29 December 2025 at 13:20

How many times have you logged into a system to complete a task that should have taken minutes but ended up taking hours? Whether renewing a credential, accessing benefits or updating a record, these experiences often feel tedious and time-consuming. As you search for the right page, click through drop-down menus, input data and submit forms, you are essentially doing the system’s work for it.

Technology has digitized countless services, but it hasn’t yet humanized them. The next leap in human-computer interaction isn’t about building better buttons; it’s about building agents that act on our behalf. Agentic experience (AX) represents that next evolution: a model where humans direct intelligent systems to deliver desired outcomes.

In the context of federal government, where complex workflows and interactions with multiple systems are common, the shift to AX will be transformational. It will free up time for employees and contractors to focus on mission-critical work while reducing errors, accelerating service delivery, and improving public trust.

The next frontier: Federal leadership in AX

User experience (UX) is not going away; it is rapidly evolving to include agentic experience.  For decades, UX has focused on how people interact with digital systems to accomplish tasks: A human navigates interfaces, completes steps and makes decisions. The system is a passive tool, and the user does all the work.

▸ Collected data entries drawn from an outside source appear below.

Lemma sum_wcoef_rank_col_mx n m (Y : 'M[F]_(n, m)) : (\rank Y < m)%N ->
  \sum_(v : 'rV[F]_m) c m (\rank (col_mx v Y)) = 0.
Proof.
move=> lt_rank_m; set r := \rank Y.
transitivity (\sum_(v : 'rV[F]_m)
    (c m r.+1 + (if v \in [set v | (v <= Y)%MS] then c m r - c m r.+1 else 0))).
  apply: eq_bigr => v _; rewrite rank_col_mx_row inE.
  by case: (v <= Y)%MS; rewrite ?addn0 ?addn1 ?addr0 // addrC subrK.
rewrite big_split /= -big_mkcond !sumr_const card_rV_submx (@eq_cardT _ xpredT) //.
rewrite -cardT (@card_mx F 1 m) mul1n -/r.
rewrite -[_ *+ (_ ^ m)%N]mulr_natl -[_ *+ (_ ^ r)%N]mulr_natl.
rewrite -[RHS](wcoef_balance K (card_finNzRing_gt1 F) lt_rank_m); ring.
Qed.

Lemma sum_wcoef_rank d m : (0 < d)%N -> (d <= m)%N ->
  \sum_(Y : 'M[F]_(d, m)) c m (\rank Y) = 0.
Proof.
case: d => // d _ le_dm.
rewrite (reindex (fun p : 'rV[F]_m * 'M[F]_(d, m) => col_mx p.1 p.2 : 'M_(1 + d, m))) /=.
  rewrite -(pair_big xpredT xpredT (fun v Y => c m (\rank (col_mx v Y)))) /=.
  rewrite exchange_big big1 // => Y _; apply: sum_wcoef_rank_col_mx.
  exact: leq_ltn_trans (rank_leq_row Y) le_dm.
exists (fun Y : 'M[F]_(1 + d, m) => (usubmx Y, dsubmx Y)) => [[v Y] _ | Y _] /=.
  by rewrite col_mxKu col_mxKd.
by rewrite vsubmxK.
Qed.

Lemma sum_wcoef_rank_mulmx m (Z : 'M[F]_m) : Z != 0 ->
  \sum_(A : 'M[F]_m) c m (\rank (A *m Z)) = 0.
Proof.
move=> Z_neq0; set B := col_base Z.
have rankB A : \rank (A *m Z) = \rank (A *m B).
  by rewrite -{1}(mulmx_base Z) mulmxA mxrankMfree // row_base_free.
under eq_bigr do rewrite rankB.
set S := \sum_A _.
have [L BL] := row_fullP (col_base_full Z).
have S_shift (Y : 'M[F]_(m, \rank Z)) : S = \sum_(A : 'M[F]_m) c m (\rank (A *m B + Y)%R).
  rewrite /S (reindex_inj (addIr (Y *m L))) /=; apply: eq_bigr => A _.
  by rewrite /B mulmxDl -mulmxA BL mulmx1.
have sumY : \sum_(Y : 'M[F]_(m, \rank Z)) c m (\rank Y) = 0.
  rewrite (reindex (@trmx F (\rank Z) m)) /=; last first.
    by exists (@trmx F m (\rank Z)) => X _; rewrite trmxK.
  under eq_bigr do rewrite mxrank_tr.
  by apply: sum_wcoef_rank; rewrite ?lt0n ?mxrank_eq0 ?rank_leq_row.
have : \sum_(Y : 'M[F]_(m, \rank Z)) S = 0.
  rewrite (eq_bigr _ (fun Y _ => S_shift Y)) exchange_big big1 // => A _.
  rewrite (reindex_inj (addrI (- (A *m B)))) /=.
  by under eq_bigr do rewrite addNKr.
rewrite sumr_const (@eq_cardT _ xpredT) // -cardT card_mx -mulr_natl => /eqP.
have F_neq0 : #|F| != 0%N by rewrite gtn_eqF // ltnW // card_finNzRing_gt1.
by rewrite mulf_eq0 pnatr_eq0 expn_eq0 (negbTE F_neq0) => /eqP.
Qed.

End RankSums.

Section WeightCoefficientNorm.
Variable K : realType.

Lemma norm_wcoef_factor_le1 q m j : (1 < q)%N -> (j < m)%N ->
  0 <= `|- (((q ^ (m - j))%:R : K) - 1)^-1| <= 1.
Proof.
move=> q_gt1 lt_jm; rewrite normr_ge0 normrN normfV.
have : (2 : K) <= (q ^ (m - j))%:R by rewrite (ler_nat K 2) expn_gt1 // subn_gt0.
by move=> ge2; rewrite ger0_norm ?invf_le1; lra.
Qed.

AX flips that model: Intelligent agents act on the user’s behalf, executing tasks based on intent. Humans guide outcomes rather than performing every step.

Instead of logging into multiple systems to file a report, an AI agent could authenticate and retrieve necessary data, complete the form, and deliver the final output for review. The person remains in control but no longer must perform every procedural step.

The federal government is uniquely positioned to lead in this space. Agencies already manage vast, mission-critical systems that serve millions of citizens. By applying human-centered design principles to agentic technologies, they can create experiences that are equitable and effective.

Federal agencies have already begun exploring frameworks for responsible AI with an emphasis on transparency, reliability and ethical use. These same principles must anchor the development of agentic systems.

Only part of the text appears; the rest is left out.